1. Definition von KI-Systemen
Zentraler Anknüpfungspunkt für die Anwendung der KI-VO ist der Begriff des „KI- Systems“ gemäß Art. 3 Nr. 1 KI-VO. Danach handelt es sich vereinfacht gesagt um ein maschinengestütztes System, das auf der Grundlage von Eingaben bestimmte Ziele ableitet und daraufhin Inhalte, Empfehlungen oder Entscheidungen generiert.
Wird für diese Prozesse maschinelles Lernen eingesetzt, wie es bei nahezu allen KI-Chatbots der Fall ist, handelt es sich zweifelsfrei um ein KI-System im Sinne der Verordnung.

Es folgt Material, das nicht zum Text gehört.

(* Balls with rational centre and radius form a countable base. *)
Lemma rat_ball_approx (x : 'cV[R]_k) e : 0 < e ->
  exists j : {ffun 'I_k -> rat} * rat,
    ball (ratcol j.1) (ratr j.2) x /\ ball (ratcol j.1) (ratr j.2) `<=` ball x e.
Proof.
move=> e0.
have [q Hq] : exists q : 'I_k -> rat, forall i, `|x i ord0 - ratr (q i)| < e / 3.
  suff [f Hf] : {f : 'I_k -> rat & forall i, `|x i ord0 - ratr (f i)| < e / 3}.
    by exists f.
  apply: (@boolp.choice 'I_k rat (fun i q => `|x i ord0 - ratr q| < e / 3)) => i.
  have [q] := @rat_in_itvoo R (x i ord0 - e / 3) (x i ord0 + e / 3) ltac:(lra).
  rewrite in_itv /= => /andP [h1 h2]; exists q.
  by rewrite ltr_norml; apply/andP; split; lra.
have [r] := @rat_in_itvoo R (e / 3) (e * 2 / 3) ltac:(lra).
rewrite in_itv /= => /andP [r1 r2].
exists ([ffun i => q i], r); split.
  apply/ball_colE; split; first by apply: lt_trans r1; exact: divr_gt0.
  move=> i j; rewrite (ord1 j) /ratcol !mxE ffunE /=.
  by have := Hq i; rewrite distrC => h; lra.
move=> y /ball_colE [_ H]; apply/ball_colE; split => // i j.
have := H i j; have := Hq i; rewrite (ord1 j) /ratcol !mxE ffunE /= => h1 h2.
have := ler_normD (x i ord0 - ratr (q i)) (ratr (q i) - y i ord0).
rewrite (_ : x i ord0 - ratr (q i) + (ratr (q i) - y i ord0) = x i ord0 - y i ord0).
  by lra.
by ring.
Qed.

Context {d : measure_display} {Omega : measurableType d} (P : probability Omega R)
  (X : 'I_k -> Omega -> R) (mX : forall i, measurable_fun setT (X i)).

Lemma measurable_xvec_ball (c : 'cV[R]_k) r : measurable (xvec X @^-1` ball c r).
Proof.
have [r0|r0] := ltP 0 r; last first.
  rewrite (_ : _ @^-1` _ = set0) //; apply/seteqP; split => // w /ball_colE [] /=.
  by rewrite ltNge r0.
rewrite (_ : _ @^-1` _ =
  \bigcap_(i in [set: 'I_k]) (setT `&` X i @^-1` ball (c i ord0) r)).
  apply: fin_bigcap_measurable; first exact: finite_finset.
  move=> i _; apply: mX => //; apply: open_measurable; exact: ball_open.
apply/seteqP; split => w /=.
  by move/ball_colE => [_ H] i _; split => //; have := H i ord0; rewrite mxE.
move=> H; apply/ball_colE; split => // i j; rewrite (ord1 j) mxE.
by have [_] := H i I.
Qed.

Definition null_rat_ball (n : nat) : set Omega :=
  match unpickle n : option ({ffun 'I_k -> rat} * rat) with
  | Some j => let A := xvec X @^-1` ball (ratcol j.1) (ratr j.2) in
              if P A == 0%E then A else set0
  | None => set0
  end.

Lemma negligible_not_supportX : P.-negligible [set w | ~ supportX P X (xvec X w)].
Proof.
apply: (@negligibleS _ _ _ _ (\bigcup_n null_rat_ball n)); last first.
  apply: negligible_bigcup => n; rewrite /null_rat_ball.
  case: (unpickle n) => [j|]; last exact: negligible_set0.
  case: eqP => [A0|_]; last exact: negligible_set0.
  exists (xvec X @^-1` ball (ratcol j.1) (ratr j.2)); split => //.
  exact: measurable_xvec_ball.
move=> w /= /existsNP [e /not_implyP [e0 /negP]]; rewrite -leNgt => Pe.
have [j [xj jsub]] := rat_ball_approx (xvec X w) e0.
exists (pickle j) => //; rewrite /null_rat_ball pickleK /=.
suff -> : P (xvec X @^-1` ball (ratcol j.1) (ratr j.2)) == 0%E by [].
rewrite eq_le measure_ge0 andbT (le_trans _ Pe) //.
apply: le_measure; rewrite ?inE; [exact: measurable_xvec_ball.. | exact: preimage_subset].
Qed.

End support.

Lemma integral_eq0_gt0_negligible {d : measure_display} {Omega : measurableType d}
    {R : realType} (P : probability Omega R) (B N : set Omega) (Z : Omega -> R) :
  measurable B -> measurable N -> P N = 0%E ->
  P.-integrable B (EFin \o Z) -> (\int[P]_(w in B) (Z w)%:E = 0)%E ->
  (forall w, B w -> ~ N w -> 0 < Z w) -> P.-negligible B.
Proof.
move=> mB mN N0 iZ I0 Zgt0.
have negN : P.-negligible N by exists N; split.
have negZ := ge0_integral_eq0_negligible mB mN N0 iZ
  (fun w Bw Nw => ltW (Zgt0 w Bw Nw)) I0.
apply: (negligibleS _ (negligibleU negN negZ)).
move=> w Bw; have [Nw|Nw] := pselect (N w); [by left | right; split => //].
by rewrite gt_eqF // Zgt0.
Qed.

Section conditional_moments.
Context {R : realType} {d : measure_display} {Omega : measurableType d}
  (P : probability Omega R) {k : nat} (X : 'I_k -> Omega -> R) (Y : Omega -> R)
  (mu : 'cV[R]_k -> R) (mX : forall i, measurable_fun setT (X i)).
Hypothesis cm : is_cond_mean P X Y mu.

Local Notation OX := (g_sigma_algebraType (sigmaX_gen X)).
Local Notation muX w := (mu (xvec X w)).

Lemma cond_mean_diff (A : set Omega) (Z : Omega -> R) :
  <<s sigmaX_gen X>> A ->
  (Z = fun w => Y w - muX w) \/ (Z = fun w => muX w - Y w) ->
  P.-integrable A (EFin \o Z) /\ (\int[P]_(w in A) (Z w)%:E = 0)%E.
Proof.
have [_ iY imu cmI] := cm; move=> sA eZ.
have mA := sigmaX_measurable mX sA.
have iA (f : Omega -> \bar R) : P.-integrable setT f -> P.-integrable A f.
  exact: integrableS.
have muA : (\int[P]_(w in A) (muX w)%:E)%E \is a fin_num.
  exact: integrable_fin_num (iA _ imu).
case: eZ => ->; split.
- apply: (eq_integrable _ ((EFin \o Y) \- (fun w => (muX w)%:E))%E) => //.
  exact: integrableB (iA _ iY) (iA _ imu).
- under eq_integral do rewrite EFinB.
  by rewrite integralB_EFin // ?iA // cmI // subee.
- apply: (eq_integrable _ ((fun w => (muX w)%:E) \- (EFin \o Y))%E) => //.
  exact: integrableB (iA _ imu) (iA _ iY).
- under eq_integral do rewrite EFinB.
  by rewrite integralB_EFin // ?iA // cmI // subee.
Qed.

Somit fallen Anwendungen wie ChatGPT, Copilot oder Verlagsbots unter den Anwendungsbereich der KI-VO.
2. Verwendung des KI-Systems
Entscheidend für die rechtliche Bewertung ist zunächst, in welcher Rolle die Steuerkanzlei das KI-System nutzt. Hier unterscheidet die KI-VO insbesondere zwischen „Anbieter“ und „Betreiber“:
- Als Anbieter im Sinne des 3 Nr. 3 KI-VO gilt vereinfacht, wer ein KI-System selbst entwickelt oder entwickeln lässt.
- Als Betreiber im Sinne des 3 Nr. 4 KI-VO gilt vereinfacht, wer ein KI-System für eigene Zwecke nutzt.
Kanzleien setzen ChatGPT & Co. in der Regel als sogenannte Software-as-a-Service (SaaS)-Lösung ein. Die Nutzung erfolgt über eine Weboberfläche, ohne dass die Kanzlei selbst Entwicklungsleistungen erbringt. Die Verantwortung für Modell, Infrastruktur und Updates liegt beim jeweiligen Anbieter.
Daher ist die Einordnung als Betreiber im Sinne der KI-VO in der Regel zutreffend.
3. Risikoeinstufung des KI-Systems
Ein zentrales Element der KI-VO ist die risikobasierte Kategorisierung von KI-Systemen. Je nach Einstufung ergeben sich unterschiedliche rechtliche Anforderungen und Pflichten für den Einsatz in der Praxis.
Übersicht der Risikogruppen
Jedes KI-System ist gemäß KI-VO einer von vier Risikogruppen zuzuordnen. Die Einstufung entscheidet darüber, welche Pflichten für die Nutzung gelten. Je höher das Risiko, desto umfangreicher sind die regulatorischen Anforderungen – bis hin zum vollständigen Verbot einzelner Anwendungen.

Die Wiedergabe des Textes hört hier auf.